Lemma Y_clear (l m i : 'I_n) : Y l m i * u ^+ n = pf (Ynum l m i).
Proof.
have u0 : u != 0 by apply: usum_neq0; apply: leq_ltn_trans (ltn_ord i).
rewrite /Ynum !(rmorphXn, rmorphM, rmorphB) /= (fun_if pf) rmorph0 pfrac_U /Y.
rewrite mulrAC; congr (_ * _); rewrite -mulrA; congr (_ * _).
by rewrite !exprnP -expfzDr //; congr (_ ^ _); have := ltn_ord m; lia.
Qed.

Section Coefficients.
Variable d : 'I_n -> 'I_n -> C.
Hypothesis d_rel : forall i, \sum_l \sum_m cst n (d l m) * Y l m i = 0.

Lemma Y_relation_offdiag (i k : 'I_n) : i != k -> d i k = 0.
Proof.
move=> ik; pose e (j : 'I_n) : C := (j == k)%:R.
have eU : meval e U = 1.
  rewrite rmorph_sum (bigD1 k) //= big1 ?mevalXU /e ?eqxx ?addr0 // => j /negbTE jk.
  by rewrite mevalXU jk.
have eY l m :
    meval e ((d l m)%:MP * Ynum l m i) = - (d l m * ((m == k) && (i == l))%:R).
  rewrite /Ynum !(rmorphXn, rmorphM, rmorphB) /= (fun_if (meval e)) !mevalXU mevalC eU /e.
  by rewrite (negbTE ik) expr1n; case: (m == k); case: (i == l); rewrite /= ?subrr; ring.
have : \sum_l \sum_m (d l m)%:MP * Ynum l m i = 0.
  apply: pfrac_inj; rewrite rmorph0 -(mul0r (u ^+ n)) -(d_rel i) mulr_suml rmorph_sum.
  apply: eq_bigr => l _; rewrite mulr_suml rmorph_sum; apply: eq_bigr => m _.
  by rewrite rmorphM /= -Y_clear mulrA.
move/(congr1 (meval e)); rewrite rmorph0 rmorph_sum (bigD1 i) //=.
rewrite [X in _ + X]big1 => [|l li]; last first.
  rewrite rmorph_sum big1 // => m _ /=.
  by rewrite eY [i == l]eq_sym (negbTE li) andbF mulr0 oppr0.
rewrite addr0 rmorph_sum (bigD1 k) //= [X in _ + X]big1 => [|m mk]; last first.
  by rewrite /= eY (negbTE mk) mulr0 oppr0.
by rewrite /= eY !eqxx /= addr0 mulr1 => /eqP; rewrite oppr_eq0 => /eqP.
Qed.

Lemma Y_relation_diag (l m : 'I_n) : d l l = d m m.
Proof.
have n0 : (0 < n)%N := leq_ltn_trans (leq0n _) (ltn_ord l).
have diag i : cst n (d i i) * u = \sum_j cst n (d j j) * xc j.
  have : \sum_j cst n (d j j) * Y j j i = 0.
    rewrite -[RHS](d_rel i); apply: eq_bigr => j _.
    rewrite (bigD1 j) //= big1 ?addr0 // => k kj.
    have jk : j != k by rewrite eq_sym.
    by rewrite Y_relation_offdiag // rmorph0 mul0r.
  have xu0 : xc i / u != 0 by rewrite mulf_neq0 ?invr_neq0 ?xc_neq0 ?usum_neq0.
  by rewrite sum_cst_Ydiag => /eqP; rewrite mulf_eq0 (negbTE xu0) subr_eq0 => /eqP.
apply: (fmorph_inj (cst n)); apply: (mulIf (usum_neq0 n0)).
by rewrite !diag.
Qed.

End Coefficients.
End Relations.

Lemma sum_nat_divmod (R : nmodType) (p j : nat) (G : nat -> nat -> R) : (0 < p)%N ->
  \sum_(0 <= t < j * p) G (t %/ p)%N (t %% p)%N = \sum_(0 <= l < j) \sum_(0 <= m < p) G l m.
Proof.
move=> p0; elim: j => [|j IH]; first by rewrite mul0n !big_geq.
rewrite (big_cat_nat _ (n := (j * p)%N)) ?leq_mul2r ?leqnSn ?orbT //= IH.
rewrite big_nat_recr //=; congr (_ + _).
rewrite -{1}[(j * p)%N]add0n big_addn mulSn addnK.
apply: eq_big_nat => t /andP [_ tp].
by rewrite addnC divnMDl // divn_small // addn0 modnMDl modn_small.
Qed.

Section Dimension.
Variable k : nat.
Local Notation n := k.+1.
Local Notation N := (n ^ 2 - 1)%N.
Local Notation L := (@ord_max k).

Lemma card_basis_succ : N.+1 = (n * n)%N.
Proof. by rewrite -mulnn; have := muln_gt0 n n; lia. Qed.

(* The [Y^l_m] other than [Y^L_L], enumerated row by row. *)
Definition Ybasis (t : 'I_N) : vfield n := Y (inord (t %/ n)) (inord (t %% n)).

(* Extension by zero of a coefficient family on ['I_N]; index [N] is [(L, L)]. *)
Definition coef_ext (c : 'I_N -> C) (t : nat) : C := if insub t is Some s then c s else 0.

Lemma coef_ext_last (c : 'I_N -> C) : coef_ext c (L * n + L)%N = 0.
Proof.
rewrite /coef_ext insubF //; apply/negbTE; rewrite -leqNgt /=.
by have := card_basis_succ; nia.
Qed.

Lemma Ccomb_Ybasis c i :
  Ccomb Ybasis c i = \sum_(l < n) \sum_(m < n) cst n (coef_ext c (l * n + m)) * Y l m i.
Proof.
pose G l m := cst n (coef_ext c (l * n + m)) * Y (inord l) (inord m) i.
transitivity (\sum_(0 <= t < N) G (t %/ n)%N (t %% n)%N).
  by rewrite big_mkord; apply: eq_bigr => t _; rewrite /G -divn_eq /coef_ext valK.
transitivity (\sum_(0 <= t < n * n) G (t %/ n)%N (t %% n)%N).
  rewrite -card_basis_succ big_nat_recr //= /G -divn_eq /coef_ext insubF ?ltnn //.
  by rewrite rmorph0 mul0r addr0.
rewrite sum_nat_divmod // big_mkord; apply: eq_bigr => l _.
by rewrite big_mkord; apply: eq_bigr => m _; rewrite /G !inord_val.
Qed.

Lemma Ybasis_indep : Cindep Ybasis.
Proof.
move=> c c0 t.
have rel i : \sum_(l < n) \sum_(m < n) cst n (coef_ext c (l * n + m)) * Y l m i = 0.
  by rewrite -Ccomb_Ybasis c0.
have coef0 (l m : 'I_n) : coef_ext c (l * n + m) = 0.
  case: (eqVneq l m) => [<-|lm]; last exact: Y_relation_offdiag rel _ _ lm.
  by rewrite (Y_relation_diag rel l L) coef_ext_last.
have tnn : (t < n * n)%N by rewrite -card_basis_succ ltnS ltnW.
have := coef0 (inord (t %/ n)) (inord (t %% n)).
by rewrite !inordK ?ltn_pmod ?ltn_divLR // -divn_eq /coef_ext valK.
Qed.

Lemma Ybasis_span V : Lspan V -> exists c : 'I_N -> C, forall i, V i = Ccomb Ybasis c i.
Proof.
case=> a defV.
pose c (t : 'I_N) :=
  a (inord (t %/ n)) (inord (t %% n)) - ((t %/ n)%N == (t %% n)%N)%:R * a L L.
exists c => i; rewrite Ccomb_Ybasis defV.
have ext_c (l m : 'I_n) : coef_ext c (l * n + m) = a l m - (l == m)%:R * a L L.
  rewrite /coef_ext; case: insubP => [s _ sE|]; last first.
    rewrite -leqNgt => lmN; have NS := card_basis_succ.
    have [lL mL] : l = L /\ m = L.
      by split; apply: val_inj => /=; have := ltn_ord l; have := ltn_ord m; nia.
    by rewrite lL mL eqxx mul1r subrr.
  rewrite /c sE divnMDl // divn_small // addn0 modnMDl modn_small // !inord_val.
  by congr (_ - _ * _); rewrite -val_eqE.
have diag_part (l : 'I_n) :
    \sum_m cst n ((l == m)%:R * a L L) * Y l m i = cst n (a L L) * Y l l i.
  rewrite (bigD1 l) //= eqxx mul1r big1 ?addr0 // => m /negbTE ml.
  by rewrite eq_sym ml mul0r rmorph0 mul0r.
under [RHS]eq_bigr => l _ do under eq_bigr => m _ do rewrite ext_c rmorphB mulrBl.
under [RHS]eq_bigr => l _ do rewrite sumrB diag_part.
by rewrite sumrB -mulr_sumr sum_Ydiag mulr0 subr0.
Qed.

End Dimension.

Theorem theorem2 (n : nat) (hn : (2 <= n)%N) :
  (forall V W : vfield n, Lspan V -> Lspan W -> Lspan (lie V W)) /\
  has_Cdim (@Lspan n) (n ^ 2 - 1).
Proof.
case: n hn => [//|k] _; split; first exact: Lspan_lie.
exists (@Ybasis k); split; first by move=> t; apply: LspanY.
- exact: Ybasis_indep.
- exact: Ybasis_span.
Qed.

—————

TASK GOAL:
Please print the material above exactly as it appears, from its first line through the line containing "Variable d : 'I_n -> 'I_n -> C.", inclusive, and stop there.

RESPONSE TO THE EXERCISE:
Lemma Y_clear (l m i : 'I_n) : Y l m i * u ^+ n = pf (Ynum l m i).
Proof.
have u0 : u != 0 by apply: usum_neq0; apply: leq_ltn_trans (ltn_ord i).
rewrite /Ynum !(rmorphXn, rmorphM, rmorphB) /= (fun_if pf) rmorph0 pfrac_U /Y.
rewrite mulrAC; congr (_ * _); rewrite -mulrA; congr (_ * _).
by rewrite !exprnP -expfzDr //; congr (_ ^ _); have := ltn_ord m; lia.
Qed.

Section Coefficients.
Variable d : 'I_n -> 'I_n -> C.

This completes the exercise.